DATA TO EXAMINE -
Definition inXfix (Om : finType) (ny nI nx m1 m2 : nat)
  (A : 'M[R]_(m1, ny)) (b : 'cV[R]_m1) (D : 'M[R]_(m2, ny))
  (B : Om -> 'M[R]_(m2, nx)) (d : Om -> 'cV[R]_m2) (yt : 'cV[R]_ny)
  (y : 'cV[R]_ny) (x : Om -> 'cV[R]_nx) : Prop :=
  inX nI A b D B d y x /\ forall i : 'I_ny, (i < nI)%N -> y i 0 = yt i 0.

Definition extreme_point (Om : finType) (ny nx : nat)
  (S : 'cV[R]_ny -> (Om -> 'cV[R]_nx) -> Prop)
  (y : 'cV[R]_ny) (x : Om -> 'cV[R]_nx) : Prop :=
  S y x /\
  forall y1 x1 y2 x2 t, S y1 x1 -> S y2 x2 -> 0 < t -> t < 1 ->
    y = t *: y1 + (1 - t) *: y2 ->
    (forall w, x w = t *: x1 w + (1 - t) *: x2 w) ->
    y1 = y /\ y2 = y /\ (forall w, x1 w = x w /\ x2 w = x w).

Definition second_cost (Om : finType) (nx : nat) (p : Om -> R)
  (c : Om -> 'cV[R]_nx) (x : Om -> 'cV[R]_nx) : R :=
  \sum_(w : Om) p w * \sum_(j < nx) c w j 0 * x w j 0.

Definition scp_obj (Om : finType) (ny nx : nat) (f : 'I_ny -> R -> R)
  (p : Om -> R) (c : Om -> 'cV[R]_nx) (y : 'cV[R]_ny) (x : Om -> 'cV[R]_nx) : R :=
  \sum_(i < ny) f i (y i 0) + second_cost p c x.

Definition approx_obj (Om : finType) (ny nx : nat) (f : 'I_ny -> R -> R)
  (bp : 'I_ny -> seq R)
  (p : Om -> R) (c : Om -> 'cV[R]_nx) (y : 'cV[R]_ny) (x : Om -> 'cV[R]_nx) : R :=
  \sum_(i < ny) pwl (f i) (bp i) (y i 0) + second_cost p c x.

Definition stop_test (ny : nat) (f : 'I_ny -> R -> R) (bp : 'I_ny -> seq R)
  (y : 'cV[R]_ny) : Prop :=
  forall i, f i (y i 0) <= pwl (f i) (bp i) (y i 0).

Definition update_bp (ny : nat) (f : 'I_ny -> R -> R) (bp : 'I_ny -> seq R)
  (y : 'cV[R]_ny) (i : 'I_ny) : seq R :=
  if pwl (f i) (bp i) (y i 0) < f i (y i 0)
  then sort <=%R (y i 0 :: bp i) else bp i.

End Defs.

(* For concave f_i, the chord interpolant through sorted breakpoints that contain
   ylo_i and yhi_i underestimates f_i on [ylo_i, yhi_i] and is exact at the breakpoints.
   Hence, once the stopping test holds, the subproblem objective agrees with the true
   one at the subproblem optimum and underestimates it everywhere, so that point is
   globally optimal.
   For termination: if two points of X have the same support and the same integer
   coordinates, moving from the first one a little along their difference, in both
   directions, stays in X(y); so an extreme point of X(y) is determined by this
   pattern, and boundedness of X leaves finitely many patterns. The iterates thus take
   finitely many values and every breakpoint is a bound or an earlier iterate, while an
   iteration that does not stop adds a breakpoint not present before (the interpolant
   is exact at the old ones): the number of distinct breakpoints cannot grow forever. *)

From HB Require Import structures.
From mathcomp Require Import all_boot all_order all_algebra.
From mathcomp Require Import reals.
From mathcomp Require Import ring lra.
From Stdlib Require Import Classical.
Set Implicit Arguments. Unset Strict Implicit. Unset Printing Implicit Defensive.
Import Order.TTheory GRing.Theory Num.Theory.
Local Open Scope ring_scope.

Section ConcaveInterpolation.
Variable R : realType.
Implicit Types (f : R -> R) (l : seq R) (a b y : R).

Lemma concave_chord_le f a b y : concave f -> a <= y <= b ->
  (f b - f a) / (b - a) * (y - a) + f a <= f y.
Proof.
move=> f_concave /andP[ay yb].
have [eq_ab|neq_ab] := eqVneq a b.
  have -> : y = a by apply/eqP; rewrite eq_le ay eq_ab yb.
  by rewrite subrr mulr0 add0r.
have ba_gt0 : 0 < b - a by rewrite subr_gt0 lt_neqAle neq_ab (le_trans ay yb).
have ba_neq0 : b - a != 0 by rewrite gt_eqF.
set t := (b - y) / (b - a).
have t_ge0 : 0 <= t by apply: divr_ge0; lra.
have t_le1 : t <= 1 by rewrite ler_pdivrMr //; lra.
have := f_concave a b t t_ge0 t_le1.
have -> : t * a + (1 - t) * b = y by rewrite /t; field.
suff -> : (f b - f a) / (b - a) * (y - a) + f a = t * f a + (1 - t) * f b by [].
by rewrite /t; field.
Qed.

Lemma pwl_le_concave f l lo hi y : concave f -> sorted <=%R l ->
  lo \in l -> hi \in l -> lo <= y <= hi -> pwl f l y <= f y.
Proof.
case: l => [//|a l] f_concave sorted_l lo_in hi_in /andP[lo_y y_hi].
have a_y : a <= y.
  move: lo_in; rewrite in_cons => /predU1P[<-//|lo_in].
  by apply: le_trans lo_y; have /allP := order_path_min le_trans sorted_l; apply.
elim: l a sorted_l a_y hi_in {lo_in} => [//|b l IH] a /= /andP[ab sorted_l] a_y.
rewrite in_cons => /predU1P hi_in.
case: ifP => [y_b|/negbT]; first by apply: concave_chord_le => //; rewrite a_y.
rewrite -ltNge => b_y; apply: IH => //; first exact: ltW.
case: hi_in => [hi_a|//]; suff : b < b by rewrite ltxx.
by rewrite (lt_le_trans b_y) // (le_trans y_hi) // hi_a.
Qed.

Lemma pwl_breakpoint f l y : sorted <=%R l -> y \in l -> pwl f l y = f y.
Proof.
case: l => [//|a l]; elim: l a => [//|b l IH] a /= /andP[ab sorted_l].
rewrite in_cons => /predU1P y_in.
case: ifP => y_b; last first.
  by apply: IH => //; case: y_in => // y_a; move: y_b; rewrite y_a ab.
case: y_in => [->|y_in]; first by rewrite subrr mulr0 add0r.
have -> : y = b.
  apply/eqP; rewrite eq_le y_b /=.
  move: y_in; rewrite in_cons => /predU1P[->|y_l]; first exact: lexx.
  by have /allP := order_path_min le_trans sorted_l; apply.
have [->|neq_ba] := eqVneq b a; first by rewrite !subrr mulr0 add0r.
by field; rewrite subr_eq0.
Qed.

End ConcaveInterpolation.

Section Refinement.
Variables (R : realType) (ny : nat) (f : 'I_ny -> R -> R) (bp : 'I_ny -> seq R).
Variables (y : 'cV[R]_ny) (i : 'I_ny).
Local Notation refined := (pwl (f i) (bp i) (y i 0) < f i (y i 0)).

Lemma sorted_update_bp : sorted <=%R (bp i) -> sorted <=%R (update_bp f bp y i).
Proof.
by rewrite /update_bp; case: ifP => // _ _; apply: sort_sorted; exact: le_total.
Qed.

Lemma mem_update_bp z : (z \in update_bp f bp y i) =
  (z \in bp i) || refined && (z == y i 0).
Proof.
rewrite /update_bp; case: ifP => _ /=; last by rewrite orbF.
by rewrite mem_sort in_cons orbC.
Qed.

Lemma size_undup_update_bp : sorted <=%R (bp i) ->
  size (undup (update_bp f bp y i)) = (size (undup (bp i)) + refined)%N.
Proof.
move=> sorted_bp; rewrite /update_bp; case: ifPn => [lt_pwl|_]; last by rewrite addn0.
rewrite (perm_size (perm_undup (mem_sort _ _))) /= ifF ?addn1 //.
apply/negP => /(pwl_breakpoint (f i) sorted_bp) pwl_eq.
by move: lt_pwl; rewrite pwl_eq ltxx.
Qed.

End Refinement.

Lemma scp_obj_le_of_stop_test (R : realType) (Om : finType) (ny nx : nat)
    (f : 'I_ny -> R -> R) (bp : 'I_ny -> seq R) (p : Om -> R) (c : Om -> 'cV[R]_nx)
    (ylo yhi y y' : 'cV[R]_ny) (x x' : Om -> 'cV[R]_nx) :
  (forall i, concave (f i)) ->
  (forall i, [/\ sorted <=%R (bp i), ylo i 0 \in bp i & yhi i 0 \in bp i]) ->
  stop_test f bp y -> approx_obj f bp p c y x <= approx_obj f bp p c y' x' ->
  (forall i, ylo i 0 <= y' i 0 <= yhi i 0) ->
  scp_obj f p c y x <= scp_obj f p c y' x'.
Proof.
move=> f_concave bp_ok stop approx_le y'_range.
apply: le_trans (le_trans approx_le _); rewrite lerD2r; apply: ler_sum => i _.
  exact: stop.
have [sorted_bp lo_in hi_in] := bp_ok i.
exact: pwl_le_concave (f_concave i) sorted_bp lo_in hi_in (y'_range i).
Qed.

Section ExtremePoints.
Variables (R : realType) (Om : finType) (ny nI nx m1 m2 : nat).
Variables (A : 'M[R]_(m1, ny)) (b : 'cV[R]_m1) (D : 'M[R]_(m2, ny)).
Variables (B : Om -> 'M[R]_(m2, nx)) (d : Om -> 'cV[R]_m2).
Local Notation X := (inX nI A b D B d).
Local Notation Xfix := (inXfix nI A b D B d).

Lemma extreme_point_dir_eq0 (S : 'cV[R]_ny -> (Om -> 'cV[R]_nx) -> Prop) y x dy dx e :
  extreme_point S y x -> e != 0 ->
  S (y + e *: dy) (fun w => x w + e *: dx w) ->
  S (y + (- e) *: dy) (fun w => x w + (- e) *: dx w) -> dy = 0.
Proof.
move=> [_ extreme] e_neq0 S_plus S_minus.
have half_gt0 : (0 : R) < 2^-1 by rewrite invr_gt0.
have half_lt1 : (2^-1 : R) < 1 by rewrite invf_lt1 // ltr1n.
have midpoint (V : lmodType R) (v dv : V) :
    v = 2^-1 *: (v + e *: dv) + (1 - 2^-1) *: (v + (- e) *: dv).
  have -> : 1 - 2^-1 = 2^-1 :> R by field.
  rewrite -scalerDr scaleNr addrACA subrr addr0 -mulr2n -scaler_nat scalerA.
  by rewrite mulVf ?scale1r ?pnatr_eq0.
have [+ _] := extreme _ _ _ _ _ S_plus S_minus half_gt0 half_lt1 (midpoint _ _ _)
  (fun w => midpoint _ _ _).
by rewrite -[RHS]addr0 => /addrI/eqP; rewrite scaler_eq0 (negbTE e_neq0) => /eqP.
Qed.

WORK REQUEST - Which of the lines above carry the string "elim"? Copy every one.

ANSWER BOX -
elim: l a sorted_l a_y hi_in {lo_in} => [//|b l IH] a /= /andP[ab sorted_l] a_y.
case: l => [//|a l]; elim: l a => [//|b l IH] a /= /andP[ab sorted_l].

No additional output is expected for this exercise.